Malik Food Group is the 12th slaughterhouse in which we have filmed undercover since January 2009, and we have filmed one more since then. Of the 13 slaughterhouses we have filmed in, 11 attempted to stun the animals before killing them, and ten of those were breaking animal welfare laws, including two that were Soil Association-approved, and another that was accredited by the RSPCA. The abuse in slaughterhouses where animals were stunned included animals being kicked, punched in the face, given electric shocks and burnt with cigarettes.

So Malik Food Group is by no means the only slaughterhouse to inflict illegal suffering on animals. The feature that distinguishes it from the traditional English slaughterhouse is that it kills animals without pre-stunning with electric tongs or by a shot in the head with a captive bolt. Jewish and Muslim religious authorities assert that death by the shechita or halal methods, without pre-stunning (many halal slaughterhouses do, in fact, stun first), is instantaneous and painless. A body of evidence demonstrates that this is not a credible position, and our new footage removes any remaining doubt. Rather than animals being treated with compassion and being uninjured prior to the fatal cut, we see them treated with violence and contempt. Additionally, many of the sheep in our film are not dispatched with a single clean cut, but have their throats hacked at repeatedly with a knife that is either blunt or being used ineptly.

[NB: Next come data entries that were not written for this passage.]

Theorem theorem4 (n : nat) (a : nat -> R) (lam : R -> R)
  (ha_pos : forall i : nat, (i < n)%nat -> 0 < a i)
  (ha_incr : forall i : nat, (S i < n)%nat -> a i < a (S i))
  (hlam_nonneg : forall t : R, 0 <= t -> 0 <= lam t)
  (hlam_int : forall t : R, 0 <= t -> ex_RInt lam 0 t) :
  let id_ord := seq 0 n in
  let An := sumR (lens a id_ord) in
  (forall l : list nat, Permutation l id_ord ->
     ET a lam id_ord - ET a lam l =
     sumR (map (fun k =>
       a (nth k id_ord 0%nat) * RInt (dens lam) 0 (Apref a id_ord (S k))
       - a (nth k l 0%nat) * RInt (dens lam) 0 (Apref a l (S k))) id_ord))
  /\
  ((forall x y : R, 0 <= x -> x < y -> y <= An -> dens lam y < dens lam x) ->
   forall l : list nat, Permutation l id_ord -> l <> id_ord ->
     ET a lam id_ord < ET a lam l)
  /\
  ((forall x y : R, 0 <= x -> x < y -> y <= An -> dens lam x < dens lam y) ->
   forall l : list nat, Permutation l id_ord -> l <> rev id_ord ->
     ET a lam (rev id_ord) < ET a lam l).
Proof.
  intros id_ord An.
  assert (Hpos := lens_pos n a ha_pos).
  assert (Hnonneg : forall c, In c (lens a id_ord) -> 0 <= c).
  { intros c Hc. left. exact (Hpos _ (Permutation_refl _) c Hc). }
  assert (Hp := ex_RInt_dens lam hlam_nonneg hlam_int An (sumR_ge0 _ Hnonneg)).
  assert (Hsum : forall l, Permutation l id_ord -> sumR (lens a l) <= An).
  { intros l Hl. right. apply sumR_perm, Permutation_map, Hl. }
  assert (Hlens_neq : forall l l', Permutation l id_ord -> Permutation l' id_ord ->
                        l <> l' -> lens a l <> lens a l').
  { intros l l' Hl Hl' Hll' E. exact (Hll' (lens_inj n a ha_incr l l' Hl Hl' E)). }
  split; [|split].
  - intros l Hl.
    rewrite (ET_sub_perm a lam id_ord l hlam_nonneg hlam_int Hnonneg (Permutation_sym Hl)),
      !weighted_cdf_lens, (Permutation_length Hl), (length_seq n 0 : length id_ord = n).
    apply sumR_map_minus.
  - intros Hdec l Hl Hl'.
    apply (ET_lt_of_sorted a lam An Rlt l id_ord hlam_nonneg hlam_int
             (cdf_exchange_decr (dens lam) An Hp Hdec) Hl (lens_seq_sorted n a ha_incr)
             (Hpos l Hl) (Hsum l Hl)).
    apply Hlens_neq; [exact Hl|apply Permutation_refl|exact Hl'].
  - intros Hinc l Hl Hl'.
    assert (Hrev : Permutation (rev id_ord) id_ord) by apply Permutation_sym, Permutation_rev.
    apply (ET_lt_of_sorted a lam An Rgt l (rev id_ord) hlam_nonneg hlam_int
             (cdf_exchange_incr (dens lam) An Hp Hinc)
             (Permutation_trans Hl (Permutation_sym Hrev)) (lens_rev_seq_sorted n a ha_incr)
             (Hpos l Hl) (Hsum l Hl)).
    apply Hlens_neq; [exact Hl|exact Hrev|exact Hl'].
Qed.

Compassionate people, whatever their religious beliefs, or none, will be appalled by the treatment endured by these animals. But mainstream ‘humane’ slaughter, as we have seen, is also deeply problematic. We are unconvinced that the electric tongs, even when used properly, render an animal ‘instantly insensible’, as claimed. Rather, they might simply deliver an agonising, immobilising electric shock.

Animal Aid believes that attacks on halal and shechita ‘ritual’ slaughter methods, by people who refuse also to speak out against ‘humane’ slaughter, are often rooted in bigotry and hypocrisy. How many people, for instance, who become impassioned on the question of halal slaughter, are prepared to forgo their weekly curried chicken or lamb – made from dead animals killed by the halal method? Similarly, when visiting predominantly Muslim countries (e.g. Turkey, Egypt, Tunisia and Morocco), how many refrain from eating meat for the duration of their stay?

But whatever method is used to kill animals, or whichever authority presides over the killing, there is no mercy in a slaughterhouse. The animals are traumatised. They don’t want to be killed, but they are killed and for no good reason. Meat, egg and milk production are pitiless, bloody activities that involve industrial-scale animal exploitation and killing and yet we can thrive without animal products. That is why Animal Aid urges people to adopt an animal-free diet.